2 Stay Motion, Case No. 21-10205, ECF 36; Debtor’s Compl., Adv. No. 21-00035, ECF 1; Camac’s Compl., Adv. No. 21-00078, ECF 1. 3 Abstention Motion, Adv. No. 21-00035, ECF 6. II. Jurisdiction and Legal Standards The Court has jurisdiction over this matter pursuant to 28 U.S.C. § 1334. Under 28 U.S.C. § 157(a) and its Local Rule 402, the United States District Court for the District of Maryland has referred this case to the Court. This matter is a statutorily core proceeding under 28 U.S.C. §§ 157(b)(1) and (b)(2).

The Stay Motion seeks relief from the automatic stay of section 362(a) of the Code.
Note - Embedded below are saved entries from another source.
(* For a graph $G$, let $\widehat G$ denote its full suspension (cone), obtained by adding a new vertex adjacent to every vertex of $G$. Then: (a) for $n\ge 3$, $\widehat{C_n}$ is pseudo-Gorenstein$^{*}$ if and only if $n\equiv 0\pmod{12}$; (b) for $n\ge 1$, $\widehat{P_n}$ is pseudo-Gorenstein$^{*}$ if and only if $n\equiv 1,10\pmod{12}$.
   Context: $C_n$ is the cycle and $P_n$ the path on $n$ vertices. For a finite simple graph $G$ on vertex set $[N]$, let $S=K[x_1,\dots,x_N]$ ($K$ a field) and $I(G)$ the edge ideal generated by $x_ix_j$, $\{i,j\}\in E(G)$. Let $\alpha(G)$ be the independence number (equal to $\dim S/I(G)$). Write the Hilbert series of $S/I(G)$ uniquely as $(h_0+\dots+h_st^s)/(1-t)^{\alpha(G)}$ with $h_s\ne 0$, and $\mathfrak a(G)=s-\alpha(G)$. $G$ is pseudo-Gorenstein$^{*}$ if $h_s=1$ and $\mathfrak a(G)=0$. *)

From HB Require Import structures.
From mathcomp Require Import all_boot all_order all_algebra.
Set Implicit Arguments. Unset Strict Implicit. Unset Printing Implicit Defensive.
Import Order.TTheory GRing.Theory Num.Theory.

(* A finite simple graph is given by a finite vertex type T and a symmetric,
   irreflexive adjacency relation e : rel T.  The polynomial ring is
   S = K[x_v : v in T]. *)

Definition independent (T : finType) (e : rel T) (A : {set T}) : bool :=
  [forall x in A, forall y in A, ~~ e x y].

Definition indep_number (T : finType) (e : rel T) : nat :=
  \max_(A : {set T} | independent e A) #|A|.

(* Since I(G) is a monomial
   ideal, the monomials not in I(G) form a K-basis of S/I(G); a monomial
   prod x_v^(f v) of degree k lies outside I(G) iff no edge {x,y} has
   f x > 0 and f y > 0.  Exponents of a degree-k monomial are <= k, so
   they are encoded as {ffun T -> 'I_k.+1}.  (Independent of the field K.) *)
Definition hilb_fun (T : finType) (e : rel T) (k : nat) : nat :=
  #|[set f : {ffun T -> 'I_k.+1} |
      (\sum_(x : T) (f x : nat) == k) &&
      [forall x, forall y, e x y ==> ((f x : nat) == 0) || ((f y : nat) == 0)]]|.

(* The Hilbert series sum_k H(k) t^k equals h(t)/(1-t)^alpha (alpha = dim S/I(G)
   = independence number) iff, coefficientwise,
   h(t) = (1-t)^alpha * sum_k H(k) t^k.  This is the (unique) numerator. *)
Definition is_hnum (T : finType) (e : rel T) (h : {poly int}) : Prop :=
  forall k : nat,
    (h`_k)%R = (\sum_(i < k.+1)
             ((((1 - 'X) ^+ (indep_number e) : {poly int})`_i)
               * (hilb_fun e (k - i)%N)%:Z)%R)%R.

(* Pseudo-Gorenstein^*: the numerator h_0 + ... + h_s t^s (h_s <> 0) has
   h_s = 1 and a(G) = s - alpha(G) = 0, i.e. s = alpha(G). *)
Definition pseudo_gorenstein_star (T : finType) (e : rel T) : Prop :=
  exists h : {poly int},
    [/\ is_hnum e h, (size h).-1 = indep_number e & lead_coef h = 1%R].

(* The cycle C_n on vertex set 'I_n (intended for n >= 3). *)
Definition cycle_rel (n : nat) : rel 'I_n :=
  fun i j => (j == i.+1 %% n :> nat) || (i == j.+1 %% n :> nat).

Definition path_rel (n : nat) : rel 'I_n :=
  fun i j => (j == i.+1 :> nat) || (i == j.+1 :> nat).

Definition cone_rel (T : finType) (e : rel T) : rel (option T) :=
  fun x y => match x, y with
             | Some a, Some b => e a b
             | None, Some _ => true
             | Some _, None => true
             | None, None => false
             end.

Arguments cycle_rel n : clear implicits.
Arguments path_rel n : clear implicits.

(* Since I(G) is a monomial ideal, H(k) counts the degree-k monomials supported
   on independent sets, so the h-polynomial is
   h(t) = sum_A t^|A| (1-t)^(alpha - |A|) over the independent sets A.  It has
   degree at most alpha and its coefficient of t^alpha is (-1)^alpha I(G;-1),
   with I(G;-1) = sum_A (-1)^|A|; hence G is pseudo-Gorenstein* iff
   (-1)^alpha I(G;-1) = 1.  Splitting the independent sets according to a vertex
   v gives I(G;-1) = I(G-v;-1) - I(G-N[v];-1) and
   alpha(G) = max(alpha(G-v), alpha(G-N[v]) + 1).  For the cone this yields
   I(G;-1) - 1 and max(alpha(G), 1); for paths I(P_m;-1) is 6-periodic and
   alpha(P_m) = ceil(m/2); removing a vertex of C_n leaves P_(n-1) and P_(n-3).
   The sign (-1)^alpha is 4-periodic in n, so the criterion only depends on
   n mod 12. *)

From HB Require Import structures.
From mathcomp Require Import all_boot all_order all_algebra.
From mathcomp Require Import zify.
Set Implicit Arguments. Unset Strict Implicit. Unset Printing Implicit Defensive.
Import Order.TTheory GRing.Theory Num.Theory.
Local Open Scope ring_scope.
That section generally enjoins the continuation of actions or proceedings against a debtor, property of the debtor, or property of the bankruptcy estate. 11 U.S.C. § 362(a). A creditor or other party may request relief from the automatic stay by filing a motion under section 362(d) of the Code, which provides that a bankruptcy court shall grant a moving party relief from the automatic stay imposed by section 362(a) if, among other things, cause exists for that relief. 11 U.S.C. § 362(d)(1). Moreover, the relief mandated by section 362(d) may include “terminating, annulling, modifying, or conditioning” the automatic stay imposed by section 362(a). 11 U.S.C. § 362(d). The Court considers Camac’s request for relief from the automatic stay under this standard

and in light of the particular facts of this case and applicable precedent concerning the appropriate treatment of arbitration clauses in bankruptcy. III. Analysis The primary issue before the Court is the impact of the arbitration clause in the Funding Agreement and the prepetition arbitration proceeding on this chapter 11 case and the various disputes between the parties.